Britt Petty, Director of Biologics Manufacturing Operations, Biogen, discussed “Preparing Manufacturing Capabilities for Breakthrough Therapies.” He explained the technological goals for upstream and downstream processing in building a large-scale biologics manufacturing plant. Focus on upstream processing will help produce more drug substance more quickly while reducing bottlenecks in N-1 perfusion and higher titers in bioreactors. Focus on downstream processing will purify more drug substance by handling higher titers with high-capacity resin, single-pass tangential flow filtration, and buffer concentrates.
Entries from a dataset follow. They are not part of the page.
Lemma powR1D_cvgy0 (b : R) : 0 < b -> (1 + x) `^ (- b) @[x --> +oo] --> 0.
Proof.
move=> b0.
have ln_cvgy : b * ln (1 + x) @[x --> +oo] --> +oo.
  apply/cvgryPge => A; near=> x.
  have x0 : 0 < x by near: x; apply: nbhs_pinfty_gt; rewrite num_real.
  have xA : expR (A / b) <= x by near: x; apply: nbhs_pinfty_ge; rewrite num_real.
  rewrite -ler_pdivrMl // mulrC -(expRK (A / b)).
  by rewrite ler_ln ?posrE ?expR_gt0 ?addr_gt0 // (le_trans xA) // lerDr.
apply: (@cvg_trans _ (expR (- (b * ln (1 + x))) @[x --> +oo])); last first.
  exact: cvg_comp ln_cvgy (@cvgr_expR R).
apply: near_eq_cvg; near=> x.
have x0 : 0 < 1 + x.
  by apply: addr_gt0 => //; near: x; apply: nbhs_pinfty_gt; rewrite num_real.
by rewrite /powR gt_eqF // mulNr.
Unshelve. all: end_near. Qed.

Lemma is_derive_powR1D (b x : R) : -1 < x ->
  is_derive x 1 (fun y => (1 + y) `^ b) (b * (1 + x) `^ (b - 1)).
Proof.
move=> x1; have x0 : 0 < 1 + x by rewrite -ltrBlDl sub0r.
have -> : (fun y => (1 + y) `^ b) = (@powR R ^~ b) \o (fun y => 1 + y) by [].
have dD : derivable (fun y : R => 1 + y) x 1 by [].
have dpow : derivable (@powR R ^~ b) (1 + x) 1.
  by apply: derivable_powR; rewrite in_itv /= andbT.
split.
  by apply/derivable1_diffP; apply: differentiable_comp; apply/derivable1_diffP.
rewrite -derive1E derive1_comp // powR_derive1 ?in_itv /= ?andbT //.
by rewrite derive1E derive_val add0r !mulr1.
Qed.

Lemma GbarE (al t : R) : 1 < al -> 0 <= t ->
  Gbar al t = (1 + t) `^ (1 - al) / (al - 1).
Proof.
move=> al1 t0; have al10 : 0 < al - 1 by rewrite subr_gt0.
have gt_1 x : t <= x -> -1 < x.
  by move=> tx; apply: lt_le_trans (le_trans t0 tx); rewrite ltrN10.
pose r := - (al - 1)^-1.
pose F s := (1 + s) `^ (1 - al) * r.
have dF x : t <= x -> derivable F x 1.
  move=> tx; have [dpow _] := is_derive_powR1D (1 - al) (gt_1 x tx).
  exact: derivableM dpow (derivable_cst r x 1).
rewrite /Gbar (@ge0_continuous_FTC2y _ (fun s => (1 + s) `^ (- al)) F t 0).
- by rewrite /= sub0r /F mulrN opprK.
- by move=> x _; apply: powR_ge0.
- apply: derivable_within_continuous => x; rewrite in_itv /= andbT => tx.
  by have [] := is_derive_powR1D (- al) (gt_1 x tx).
- rewrite -(mul0r r); apply: (@cvgMr_tmp _ _ _ _ (fun x => (1 + x) `^ (1 - al))).
  by rewrite -opprB; apply: powR1D_cvgy0.
- by move=> x /ltW; apply: dF.
- have /derivable1_diffP dFt := dF t (lexx t).
  exact: cvg_at_right_filter (differentiable_continuous dFt).
- move=> x; rewrite in_itv /= andbT => /ltW tx.
  have [dpow dE] := is_derive_powR1D (1 - al) (gt_1 x tx).
  rewrite /F (@derive1Mr _ (fun y => (1 + y) `^ (1 - al))) // derive1E dE.
  rewrite (_ : 1 - al - 1 = - al); last by ring.
  by rewrite /r; field; rewrite gt_eqF.
Qed.
Lemma solution_ae_staircase (u : R -> R) : is_solution r u ->
  ae_on (fun x => - r <= x <= 1 + r) (fun x => u x = staircase x).
Proof.
  intros Hu; destruct grid_endpoints as [_ Hn2].
  apply ae_on_subdomain with (fun x => IZR (-1) * r <= x <= IZR (Z.of_nat n + 1) * r);
    [intros x Hx; simpl; lra|].
  apply ae_on_grid with
    (T := fun t => exists z, (-1 <= z <= Z.of_nat n)%Z /\ exceptional u (t + IZR z * r));
    [lia| |].
  - apply null_finite_union; [lia|]; intros z _.
    apply null_translate, exceptional_null, Hu.
  - intros z t Hz Ht HnT.
    rewrite staircase_value by exact Ht.
    apply chain_values; [exact Ht| |lia].
    intros z' Hz' Hexc; apply HnT; exists z'; auto.
Qed.

(* Discontinuity: the staircase jumps from 1/(n+1) to 2/(n+1) at r, so no
   function continuous on [-r, 1+r] agrees with it almost everywhere. *)
Lemma staircase_no_continuous_version (v : R -> R) :
  continuous_on_Icc (- r) (1 + r) v ->
  ~ ae_on (fun x => - r <= x <= 1 + r) (fun x => v x = staircase x).
Proof.
  intros Hcont Hae; pose proof INR_n_ge2; pose proof r_pos; pose proof n_mul_r.
  assert (Hjump : 1 / (INR n + 1) = 2 / (INR n + 1)).
  { apply (no_continuous_version_of_jump (- r) (1 + r) r r _ _ staircase v);
      try lra; [nra| | |exact Hcont|exact Hae].
    - intros x Hx; replace x with (x + IZR 0 * r) by ring.
      rewrite staircase_value by lra; simpl; field; lra.
    - intros x Hx; replace x with (x - r + IZR 1 * r) by ring.
      rewrite staircase_value by lra; simpl; field; lra. }
  apply Rmult_eq_compat_r with (r := INR n + 1) in Hjump.
  field_simplify in Hjump; lra.
Qed.

End Staircase.

Theorem corollary1p11 (n : nat) (hn : (1 < n)%nat) :
  let r := / INR n in
  (exists u : R -> R, is_solution r u) /\
  (forall u v : R -> R, is_solution r u -> is_solution r v ->
     ae_on (fun x => - r <= x <= 1 + r) (fun x => u x = v x)) /\
  (forall u : R -> R, is_solution r u ->
     ~ (exists v : R -> R, continuous_on_Icc (- r) (1 + r) v /\
          ae_on (fun x => - r <= x <= 1 + r) (fun x => u x = v x))).
Proof.
  cbv zeta; split; [|split].
  - exists (staircase n); exact (staircase_solution n hn).
  - intros u v Hu Hv.
    apply (ae_on_combine _ _ _ _ (fun x _ Hux Hvx => eq_trans Hux (eq_sym Hvx))
             (solution_ae_staircase n hn u Hu) (solution_ae_staircase n hn v Hv)).
  - intros u Hu [v [Hcont Hae]].
    apply (staircase_no_continuous_version n hn v Hcont).
    apply (ae_on_combine _ _ _ _ (fun x _ Huv Hus => eq_trans (eq_sym Huv) Hus)
             Hae (solution_ae_staircase n hn u Hu)).
Qed.
(* F is spanned by the all-ones vector, so it has dimension at most one. *)
Lemma rank_Fsync : (\rank (Fsync R n) <= 1)%N.
Proof.
suff /mxrankS : (Fsync R n <= (const_mx 1 : 'rV[R]_n))%MS.
  by move/leq_trans; apply; apply: rank_leq_row.
apply/row_subP => i; move: (row i _) (row_sub i (Fsync R n)) => r sr_F.
have r_const a b : r 0 a = r 0 b.
  by apply/eqP; rewrite -subr_eq0 -pair_col_eval Fsync_pair_col ?mxE.
case: (pickP (fun _ : 'I_n => true)) => [i0 _ | no_index].
  suff -> : r = r 0 i0 *: const_mx 1 by rewrite scalemx_sub.
  by apply/matrixP => a b; rewrite !mxE mulr1 (ord1 a) (r_const b i0).
suff -> : r = 0 by rewrite sub0mx.
by apply/matrixP => a b; have := no_index b.
Qed.

Lemma line_sub_or_disjoint U (V : 'M[R]_n) :
  \rank U = 1%N -> (U <= V)%MS \/ (U :&: V = 0)%MS.
Proof.
move=> rU; have := mxrankS (capmxSl U V); rewrite rU.
case rUV: (\rank (U :&: V)) => [|[|//]] _.
  by right; apply/eqP; rewrite -mxrank_eq0 rUV.
left; have [_ /= eqUV] := mxrank_leqif_sup (capmxSl U V).
have : (U <= U :&: V)%MS by rewrite -eqUV rU rUV.
by move/submx_trans; apply; apply: capmxSr.
Qed.

(* Since dim F <= 1, a line inside F is F itself. *)
Lemma line_sub_Fsync U : \rank U = 1%N -> (U <= Fsync R n)%MS -> (U == Fsync R n)%MS.
Proof.
move=> rU sU_F; rewrite -(mxrank_leqif_eq sU_F).2 rU eqn_leq rank_Fsync andbT.
by rewrite -rU mxrankS.
Qed.

End PolydiagonalsModF.

Section JordanLines.
Variables (R : fieldType) (n : nat) (A : 'M[R]_n) (lam : R).
Implicit Types (U : 'M[R]_n).
Let M := actmx A - lam%:M.

Lemma jordan_line_sub_eigenspace U :
  jordan_subspace A lam U -> \rank U = 1%N -> (U <= kermx M)%MS.
Proof.
move=> [_ [k [x [k_gt0 [[x_nz [x0_eigen _]] /eqmxP defU]]]]] rU.
set i0 := Ordinal k_gt0.
have x0_sub : (x i0 <= U)%MS by rewrite defU (sumsmx_sup i0) // genmxE.
have : (x i0 == U)%MS by rewrite -(mxrank_leqif_eq x0_sub).2 rU rank_rV x_nz.
by move/eqmxP => <-; apply/sub_kermxP; apply: x0_eigen.
Qed.

(* A Jordan subspace inside the eigenspace is a line: a chain of length >= 2
   would have its second vector mapped to the nonzero first one. *)
Lemma jordan_sub_eigenspace_line U :
  jordan_subspace A lam U -> (U <= kermx M)%MS -> \rank U = 1%N.
Proof.
move=> [_ [k [x [k_gt0 [[x_nz [_ x_succ]] /eqmxP defU]]]]] sU_ker.
have k1 : k = 1%N.
  case: k x k_gt0 x_nz x_succ defU => [|[|k]] x // _ x_nz x_succ defU.
  pose i0 := Ordinal (isT : (0 < k.+2)%N); pose i1 := Ordinal (isT : (1 < k.+2)%N).
  have : (x i1 <= kermx M)%MS.
    by apply: submx_trans sU_ker; rewrite defU (sumsmx_sup i1) // genmxE.
  move/sub_kermxP; rewrite (x_succ i1 i0 erefl) => x0_eq0.
  by move: (x_nz i0); rewrite x0_eq0 eqxx.
by subst k; rewrite defU big_ord1 genmxE rank_rV x_nz.
Qed.

Lemma eigenline_jordan U : (0 < n)%N ->
  (U <= kermx M)%MS -> \rank U = 1%N -> jordan_subspace A lam U.
Proof.
move=> n_gt0 sU_ker rU; have nzU : nz_row U != 0 by rewrite nz_row_eq0 -mxrank_eq0 rU.
split.
  apply: submx_trans sU_ker _; apply/sub_kermxP.
  have -> : (actmx A - lam%:M) ^+ n = M *m M ^+ n.-1 by rewrite mulmxE -exprS prednK.
  rewrite mulmxA.
  by have /sub_kermxP -> := submx_refl (kermx M); rewrite mul0mx.
exists 1%N, (fun _ => nz_row U); split => //; split.
  split=> [_ | ]; first exact: nzU.
  split=> [_ _ | i j]; last by rewrite (ord1 i).
  by apply/sub_kermxP; apply: submx_trans (nz_row_sub U) sU_ker.
rewrite big_ord1; apply/eqmxP/eqmx_sym; apply: eqmx_trans (genmxE _) _; apply/eqmxP.
by rewrite -(mxrank_leqif_eq (nz_row_sub U)).2 rU rank_rV nzU.
Qed.

End JordanLines.

Lemma adds_sum_sub (R : fieldType) (n k : nat) (F : 'M[R]_n) (X Y : 'I_k -> 'M[R]_n) :
  (forall i, (X i <= F + Y i)%MS) -> (F + \sum_(i < k) X i <= F + \sum_(i < k) Y i)%MS.
Proof.
move=> sXY; rewrite addsmx_sub addsmxSl /=; apply/sumsmx_subP => i _.
by apply: submx_trans (sXY i) _; rewrite addsmxS // (sumsmx_sup i).
Qed.
Lemma Condition1_of_sigmoid_like : Condition1 E M (rndf E M f).
Proof.
  pose proof format_bounds. pose proof ulp1_bounds. pose proof (pow2_pos emax).
  pose proof consecutive_m3 as Hcons.
  assert (I16 : inF (1/16)) by (apply (inF_dyadic (-4)); [lia|simpl; field]).
  assert (I32 : inF (1/32)) by (apply (inF_dyadic (-5)); [lia|simpl; field]).
  assert (Ic1 : inF (- pow2 emax)) by (apply inF_opp, inF_pow2; lia).
  assert (Hs0 : 1/32 <= fl (f (-3)) <= 1/16)
    by (split; [apply (fl_ge _ (1/32))|apply (fl_le _ (1/16))]; auto; lra).
  pose proof (f_le_compat (-3 + 2 * ulp1) 0 ltac:(lra)).
  apply (Condition1_intro f (-3) (-3 + 2 * ulp1) 4 sigmoid_like_no_overflow).
  - apply (C1_of_le_compat f (- pow2 emax) 0 sigmoid_like_no_overflow Ic1 inF_0); auto; try lra.
    + rewrite Rabs_Ropp, Rabs_R0, Rabs_right, Rmax_left by lra.
      apply pow2_le_compat. lia.
    + apply fl_underflow. pose proof (f_pos (- pow2 emax)). pose proof (f_le_exp (- pow2 emax)).
      pose proof exp_opp_pow2_emax_lt. lra.
    + assert (1/16 <= fl (f 0) <= 1)
        by (split; [apply (fl_ge _ (1/16))|apply (fl_le _ 1)]; auto using inF_1; lra).
      lra.
  - exact Hcons.
  - rewrite Rabs_left; lra.
  - lra.
  - apply (fl_lt_compat _ _ (-5)); simpl; [lia|rewrite Rabs_right; lra|lra|].
    pose proof (f_increment_m3 (2 * ulp1) ltac:(lra)). lra.
  - apply Rle_trans with 1; [apply fl_le; [apply inF_1|lra]|lra].
  - intros x _ Hx. apply fl_le_compat, f_le_compat, Hx.
  - intros y _ Hy. apply fl_le_compat, f_le_compat, Hy.
  - lra.
  - exact fl_sigmoid_like_lipschitz_left.
  - exact fl_sigmoid_like_lipschitz_right.
Qed.

End SigmoidLike.

Lemma Condition1_ReLU : Condition1 E M (rndf E M ReLU).
Proof.
  apply Condition1_of_relu_like; intros x Hx; unfold ReLU;
    [apply Rmax_left|rewrite Rmax_right]; lra.
Qed.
“Single-Use Depth Filter with Hyperion Flow: No Centrifuge Requirement in Mammalian Cell Culture Harvesting Applications up to 2000L” was presented by Silke Bergheim-Pietza, Marketing Manager, Pall Life Sciences Corporation.

“Innovations in Fill and Finish Processes” were shown by Frank Lehle, Site Manager, Vetter Pharma Corporation. The company technology standard V-CRT@, Vetter Clean Room Technology, is focused on a sophisticated combination of isolators and restricted-access barrier system (RABS) technology. Industry trends such as a continuous change of products, smaller products, orphan drugs, and ophthalmic drugs have led to increased flexibility requirements. Other timely topics are quality requirements such as “essentially free from particles” to “practically free from particles” and zero colony forming units in RABS and isolators. A fully automated peroxide decontamination is part of this best practice approach. This very-well-thought-through production concept shows how to “improve quality—keep overall equipment effectiveness and flexibility.”

All presentations were followed by interactive panel discussions that allowed the audience engage the speakers in lively question-and-answer sessions.